- Born: Australia
- Occupations: Film director, executive producer, reporter, presenter, actor
- Known for: Coverage of the 2011 England riots; CEO & Founder of Freedom Films Productions; Channel Head of NewsNumber.Com

= Upinder Randhawa =

Upinder Randhawa is a Film maker as well as a radio and television reporter and presenter working in the United Kingdom. He has also acted in four movies in India. He has worked as a director and produced KIRDAAR which is getting released worldwide. Randhawa also worked as a line producer and an executive producer in the film industry. He's the CEO & Founder of Freedom Films Productions and is currently working on some Bollywood productions as well as some ventures with his business partner Shahid Hasan and film maker Anees Bazmee.

Randhawa is also a Channel Head for NewsNumber.Com which is one of the biggest social journalism platforms. He has also launched his own music production and is working with his signed artists on music and film projects. Upinder Randhawa is a Film Director and an Executive Producer. He also run a Music Record Label under Freedom Records.

==Early life==
Randhawa was born in Australia . After studying in Melbourne, Australia, and working for a short time in Delhi, he came to the United Kingdom in 2009.

==Career==
Randhawa worked for several Asian community radio stations. He exposed a series of controversies regarding a breach of the Ofcom sponsorship rules by one Station at which he had worked.

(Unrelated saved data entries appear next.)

(* Consider on-line exploration of rings with homebase $v_0$ and invoking cost $q\ge 0$. Let $\mathcal{S}$ be the on-line strategy (procedure RingOnline) defined as follows. Invoke an agent $a_1$ at $v_0$. Let $f_1,f_{-1}$ be the two edges incident to $v_0$ with $w(f_1)\le w(f_{-1})$. Maintain an edge $R$ (initially $R=f_1$), an edge $L$ (initially $L=f_{-1}$) and a flag $s$ (initially $s=1$). Repeat until all vertices are explored: (i) while $w(L)+q\cdot s\ge w(R)$ and not all vertices are explored: $a_1$ traverses $R$, and $R$ is reset to the unexplored edge incident to the vertex now occupied by $a_1$; (ii) if $s=1$ and $w(f_{-1})+q<w(R)$: invoke a second agent $a_2$ at $v_0$, $a_2$ traverses $f_{-1}$, $L$ is reset to the unexplored edge incident to the vertex now occupied by $a_2$, and $s$ is set to $0$; (iii) if $s=0$: while $w(L)<w(R)$ and not all vertices are explored: $a_2$ traverses $L$, and $L$ is reset to the unexplored edge incident to the vertex now occupied by $a_2$. Then $\mathcal{S}$ is $2$-competitive on rings: for every edge-weighted ring $C$ with homebase $v_0$, $\mathcal{S}(C)\le 2\,\mathcal{S}^{opt}(C)$.
   Context: Exploration model: a connected undirected graph with positive edge weights $w$ and a designated homebase vertex is given, together with an invoking cost $q\ge 0$. A strategy is a sequence of moves, each either (1) invoking a new agent, which appears at the homebase, or (2) an agent traversing an edge incident to its current vertex. A vertex is explored when first visited; a strategy explores the graph when every vertex has been visited by some agent (agents need not return to the homebase). If $k$ agents are used and agent $i$ traverses total distance $d_i$ (sum of weights of traversed edges, with multiplicity), the cost is $kq+\sum_i d_i$. A ring is a cycle graph with $n\ge 3$ vertices. In the on-line setting the graph is not known in advance: an agent at a vertex $v$ knows the weights of the edges incident to $v$ and whether each neighbour of $v$ is already explored, and agents communicate freely; the strategy's moves depend only on information revealed so far. $\mathcal{S}(C)$ denotes the cost of strategy $\mathcal{S}$ on $C$, and $\mathcal{S}^{opt}(C)$ the minimum cost of an off-line strategy (with full knowledge of $C$) exploring $C$ with the same $q$ and homebase. *)

From HB Require Import structures.
From mathcomp Require Import all_boot all_order all_algebra.
Set Implicit Arguments. Unset Strict Implicit. Unset Printing Implicit Defensive.
Import Order.TTheory GRing.Theory Num.Theory.

(* Rings.  A ring with n >= 3 vertices has vertices 0, ..., n-1; edge e    *)
(* (for e < n) joins vertex e and vertex (e+1) mod n and has weight w e.   *)
(* The homebase v0 is vertex 0 (WLOG: any labelling is allowed, as w is    *)
(* arbitrary).                                                              *)

Definition succv (n v : nat) : nat := v.+1 %% n.
Definition predv (n v : nat) : nat := (v + n.-1) %% n.

Definition dest (n v : nat) (d : bool) : nat := if d then succv n v else predv n v.
Definition edge_of (n v : nat) (d : bool) : nat := if d then v else predv n v.

(* General (off-line) strategies: a sequence of moves.                     *)
(*   Traverse k d   : agent number k (0-based, in invocation order)        *)
(*                    traverses the incident edge in direction d.          *)

Inductive move := Invoke | Traverse of nat & bool.

Record xstate := XState { pos : seq nat; visited : seq nat }.
Definition xinit : xstate := XState [::] [::].

Definition xstep (n : nat) (m : move) (st : xstate) : option xstate :=
  match m with
  | Invoke => Some (XState (rcons (pos st) 0) (0 :: visited st))
  | Traverse k d =>
      if k < size (pos st) then
        let v' := dest n (nth 0 (pos st) k) d in
        Some (XState (set_nth 0 (pos st) k v') (v' :: visited st))
      else None
  end.

Fixpoint xexec (n : nat) (ms : seq move) (st : xstate) : option xstate :=
  match ms with
  | [::] => Some st
  | m :: ms' => match xstep n m st with
                | Some st' => xexec n ms' st'
                | None => None
                end
  end.

Definition explored_all (n : nat) (st : xstate) : bool :=
  all (fun v => v \in visited st) (iota 0 n).

Local Open Scope ring_scope.

Definition move_cost (R : numDomainType) (n : nat) (w : nat -> R) (q : R)
    (st : xstate) (m : move) : R :=
  match m with
  | Invoke => q
  | Traverse k d => w (edge_of n (nth 0%N (pos st) k) d)
  end.

Fixpoint run (R : numDomainType) (n : nat) (w : nat -> R) (q : R)
    (ms : seq move) (st : xstate) (c : R) : option (xstate * R) :=
  match ms with
  | [::] => Some (st, c)
  | m :: ms' => match xstep n m st with
                | Some st' => run n w q ms' st' (c + move_cost n w q st m)
                | None => None
                end
  end.

Definition explores_with_cost (R : numDomainType) (n : nat) (w : nat -> R) (q : R)
    (T : seq move) (c : R) : Prop :=
  exists st, run n w q T xinit 0 = Some (st, c) /\ explored_all n st.

Definition strategy_cost (R : numDomainType) (n : nat) (w : nat -> R) (q : R)
    (T : seq move) : R :=
  match run n w q T xinit 0 with Some (_, c) => c | None => 0 end.

(* Procedure RingOnline, as a small-step program.  Agent a1 is agent 0,    *)
(* agent a2 is agent 1.  Edges R, L are stored by their index.             *)

Inductive phase :=
  | PStart
  | PTop
  | PI
  | PIReset
  | PII
  | PIIReset
  | PIII
  | PIIIReset.

Record ctrl := Ctrl { eR : nat; eL : nat; sflag : bool; ph : phase }.
Definition ctrl_init : ctrl := Ctrl 0 0 true PStart.

Definition unexp_edge (n : nat) (st : xstate) (u : nat) : nat :=
  if succv n u \notin visited st then u else predv n u.

(* f_1 and f_{-1}: the edges at 0 with w f_1 <= w f_{-1} (ties: f_1 = edge 0) *)
Definition f1 (R : numDomainType) (n : nat) (w : nat -> R) : nat :=
  if w 0%N <= w n.-1 then 0%N else n.-1.
Definition fm1 (R : numDomainType) (n : nat) (w : nat -> R) : nat :=
  if w 0%N <= w n.-1 then n.-1 else 0%N.

(* One control step: None = halt; otherwise the moves performed during this
   step (possibly none) and the new control state. *)
Definition decide (R : numDomainType) (n : nat) (w : nat -> R) (q : R)
    (st : xstate) (cs : ctrl) : option (seq move * ctrl) :=
  let a1 := nth 0%N (pos st) 0%N in
  let a2 := nth 0%N (pos st) 1%N in
  let s := sflag cs in
  match ph cs with
  | PStart => Some ([:: Invoke], Ctrl (f1 n w) (fm1 n w) true PTop)
  | PTop => if explored_all n st then None
            else Some ([::], Ctrl (eR cs) (eL cs) s PI)
  | PI => if (w (eR cs) <= w (eL cs) + q * (s : nat)%:R) && ~~ explored_all n st
          then Some ([:: Traverse 0%N (eR cs == a1)], Ctrl (eR cs) (eL cs) s PIReset)
          else Some ([::], Ctrl (eR cs) (eL cs) s PII)
  | PIReset => Some ([::], Ctrl (unexp_edge n st a1) (eL cs) s PI)
  | PII => if s && (w (fm1 n w) + q < w (eR cs)) && ~~ explored_all n st
           then Some ([:: Invoke; Traverse 1%N (fm1 n w == 0%N)],
                      Ctrl (eR cs) (eL cs) s PIIReset)
           else Some ([::], Ctrl (eR cs) (eL cs) s PIII)
  | PIIReset => Some ([::], Ctrl (eR cs) (unexp_edge n st a2) false PIII)
  | PIII => if ~~ s && (w (eL cs) < w (eR cs)) && ~~ explored_all n st
            then Some ([:: Traverse 1%N (eL cs == a2)], Ctrl (eR cs) (eL cs) s PIIIReset)
            else Some ([::], Ctrl (eR cs) (eL cs) s PTop)
  | PIIIReset => Some ([::], Ctrl (eR cs) (unexp_edge n st a2) s PIII)
  end.

Inductive online_exec (R : numDomainType) (n : nat) (w : nat -> R) (q : R)
    : xstate -> ctrl -> seq move -> Prop :=
  | oe_halt st cs : decide n w q st cs = None -> online_exec n w q st cs [::]
  | oe_step st cs ms cs' st' rest :
      decide n w q st cs = Some (ms, cs') ->
      xexec n ms st = Some st' ->
      online_exec n w q st' cs' rest ->
      online_exec n w q st cs (ms ++ rest).

Definition ring_online_moves (R : numDomainType) (n : nat) (w : nat -> R) (q : R)
    (ms : seq move) : Prop :=
  online_exec n w q xinit ctrl_init ms.

From HB Require Import structures.
From mathcomp Require Import all_boot all_order all_algebra zify lra.
Set Implicit Arguments. Unset Strict Implicit. Unset Printing Implicit Defensive.
Import Order.TTheory GRing.Theory Num.Theory.

(* Any exploring strategy invokes an agent and, once every vertex is visited, has traversed all
   edges but at most one: two untraversed edges would cut off an arc avoiding the homebase.  So it
   costs at least q + W - w(e) for some edge e, where W is the total weight.
   RingOnline lets a1 sweep the ring from the homebase in the direction of f_1 and, possibly, a2 in
   the other direction; it stops when a1's frontier edge e_i is the only unswept edge, having paid
   W - w(e_i) plus q or 2q.  Against 2(q + W - w(e)) it then suffices to bound 2w(e), and the loop
   guards do it: the edges a1 sweeps before a2 is invoked weigh at most w(f_-1) + q, which is less
   than the weight of the edge that triggers the invocation, and every edge swept afterwards weighs
   at most the last frontier edge e_i. *)

(** * Walking around the ring *)

Section Walk.
Variable n : nat.

Definition walk_vertex (d : bool) (k : nat) : nat := if d then k %% n else (n - k) %% n.
Definition walk_edge (d : bool) (k : nat) : nat := if d then k else n.-1 - k.

Lemma subn_mod k : k < n -> (n - k) %% n = if k == 0 then 0 else n - k.
Proof.
move=> hk; case: eqP => [->|hk0]; first by rewrite subn0 modnn.
by rewrite modn_small //; lia.
Qed.

Lemma walk_vertex_lt d k : 0 < n -> walk_vertex d k < n.
Proof. by move=> n_gt0; case: d; rewrite /walk_vertex ltn_pmod. Qed.

Lemma walk_vertex0 d : walk_vertex d 0 = 0.
Proof. by case: d; rewrite /walk_vertex ?mod0n ?subn0 ?modnn. Qed.

Lemma walk_vertexK d v : v < n -> walk_vertex d (walk_vertex d v) = v.
Proof.
move=> hv; case: d; rewrite /walk_vertex; first by rewrite !modn_small.
rewrite (subn_mod hv); case: eqP => [->|hv0]; first by rewrite subn0 modnn.
rewrite subn_mod; last lia.
by case: eqP; lia.
Qed.

Lemma walk_vertexN d k : k < n -> walk_vertex d (walk_vertex (~~ d) k) = (n - k) %% n.
Proof. by move=> hk; case: d; rewrite /walk_vertex /= ?modn_mod // (modn_small hk). Qed.

Lemma dest_walk_vertex d k : k < n -> dest n (walk_vertex d k) d = walk_vertex d k.+1.
Proof.
move=> hk; case: d; rewrite /dest /walk_vertex /succv /predv; first by rewrite (modn_small hk).
rewrite (subn_mod hk); case: eqP => [->|hk0].
  by rewrite add0n subn1 modn_small //; lia.
by rewrite (_ : n - k + n.-1 = n - k.+1 + n) ?modnDr //; lia.
Qed.

Lemma edge_of_walk_vertex d k : k < n -> edge_of n (walk_vertex d k) d = walk_edge d k.
Proof.
move=> hk; case: d; rewrite /edge_of /walk_vertex /walk_edge /predv.
  by rewrite (modn_small hk).
rewrite (subn_mod hk); case: eqP => [->|hk0].
  by rewrite add0n modn_small //; lia.
by rewrite (_ : n - k + n.-1 = n.-1 - k + n) ?modnDr ?modn_small //; lia.
Qed.

(* [decide] encodes the direction of a move along edge [e] from vertex [u] as [e == u]. *)
Lemma eq_walk_edge_vertex d k : 1 < n -> k < n -> (walk_edge d k == walk_vertex d k) = d.
Proof.
move=> n_gt1 hk; case: d; rewrite /walk_vertex /walk_edge; first by rewrite (modn_small hk) eqxx.
by rewrite (subn_mod hk); apply/negbTE/eqP; case: eqP; lia.
Qed.

Lemma walk_edge_lt d k : k < n -> walk_edge d k < n.
Proof. by case: d; rewrite /walk_edge; lia. Qed.

Lemma walk_edgeN d k : k < n -> walk_edge (~~ d) k = walk_edge d (n.-1 - k).
Proof. by case: d; rewrite /walk_edge /=; lia. Qed.

Lemma walk_edgeK d k : k < n -> walk_edge d (walk_edge d k) = k.
Proof. by case: d; rewrite /walk_edge; lia. Qed.

Lemma unexp_edge_walk st d k : 0 < k < n ->
  walk_vertex d k.+1 \notin visited st -> walk_vertex d k.-1 \in visited st ->
  unexp_edge n st (walk_vertex d k) = walk_edge d k.
Proof.
move=> /andP[k_gt0 hk]; rewrite /unexp_edge.
case: d; rewrite /walk_vertex /walk_edge /succv /predv; first by rewrite (modn_small hk) => ->.
rewrite (subn_mod hk) (negbTE (_ : k != 0)); last by lia.
rewrite (_ : (n - k).+1 = n - k.-1); last by lia.
move=> _ ->; rewrite (_ : n - k + n.-1 = n.-1 - k + n); last by lia.
by rewrite modnDr modn_small //; lia.
Qed.

End Walk.

Lemma destE n u d : u < n -> dest n u d =
  if d then (if u.+1 == n then 0 else u.+1) else (if u == 0 then n.-1 else u.-1).
Proof.
move=> hu; case: d; rewrite /dest /succv /predv.
  by case: eqP => [->|h]; [rewrite modnn | rewrite modn_small //; lia].
case: eqP => [->|h]; first by rewrite add0n modn_small //; lia.
by rewrite (_ : u + n.-1 = u.-1 + n) ?modnDr ?modn_small //; lia.
Qed.

Lemma edge_ofE n u d : u < n ->
  edge_of n u d = if d then u else (if u == 0 then n.-1 else u.-1).
Proof.
move=> hu; case: d; rewrite /edge_of /predv //.
case: eqP => [->|h]; first by rewrite add0n modn_small //; lia.
by rewrite (_ : u + n.-1 = u.-1 + n) ?modnDr ?modn_small //; lia.
Qed.

Lemma edge_of_lt n u d : u < n -> edge_of n u d < n.
Proof. by move=> hu; rewrite edge_ofE //; case: d; repeat case: eqP; lia. Qed.

(** * Lower bound for off-line strategies *)

Lemma mem_set_nth_ltn (T : eqType) (x0 : T) s i y x : i < size s ->
  x \in set_nth x0 s i y -> (x == y) || (x \in s).
Proof.
elim: s i => [|a s IH] [|i] //= hi; rewrite !in_cons.
  by case/orP=> ->; rewrite ?orbT.
case/orP=> [->|/(IH i hi)/orP[->|->]]; by rewrite ?orbT.
Qed.

(* Cutting the ring at edges [e1 < e2] separates the arc [e1 < v <= e2] from the homebase 0. *)
Definition home_side (n : nat) (E : seq nat) (v : nat) : Prop :=
  v < n /\ forall e1 e2, e1 < e2 < n -> e1 \notin E -> e2 \notin E -> ~~ (e1 < v <= e2).

Lemma home_side0 n E : 0 < n -> home_side n E 0.
Proof. by split=> // e1 e2 *; apply/negP => /andP[]; lia. Qed.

Randhawa later worked as a presenter for UK lifestyle channel Sangat TV. He provided live coverage of the 2011 England riots within the West Midlands, spoke out against violence, and assisted police during the event. The Channel’s participation was commended by David Cameron in the House of Commons for its commitment to social responsibility.

Randhawa went on to appear in Street Riots: The Live Debate on Channel 4. He was also featured in "10 Heroes of the London Riots" in New York’s Time Magazine. In 2012 he appeared in a Punjabi film, Mirza – The Untold Story.

In 2013 Randhawa was a speaker at a Birmingham event to raise awareness of crimes against women in India.

Randhawa also covered sports events, including the international bodybuilding championship Sheru Classic. He was voted number 41 for DesiClub.com’s Top 50 Coolest Desis of 2011. He has interviewed various celebrities for punjab2000. In 2016 he also appeared in the film Desi Munde, released in October 2016.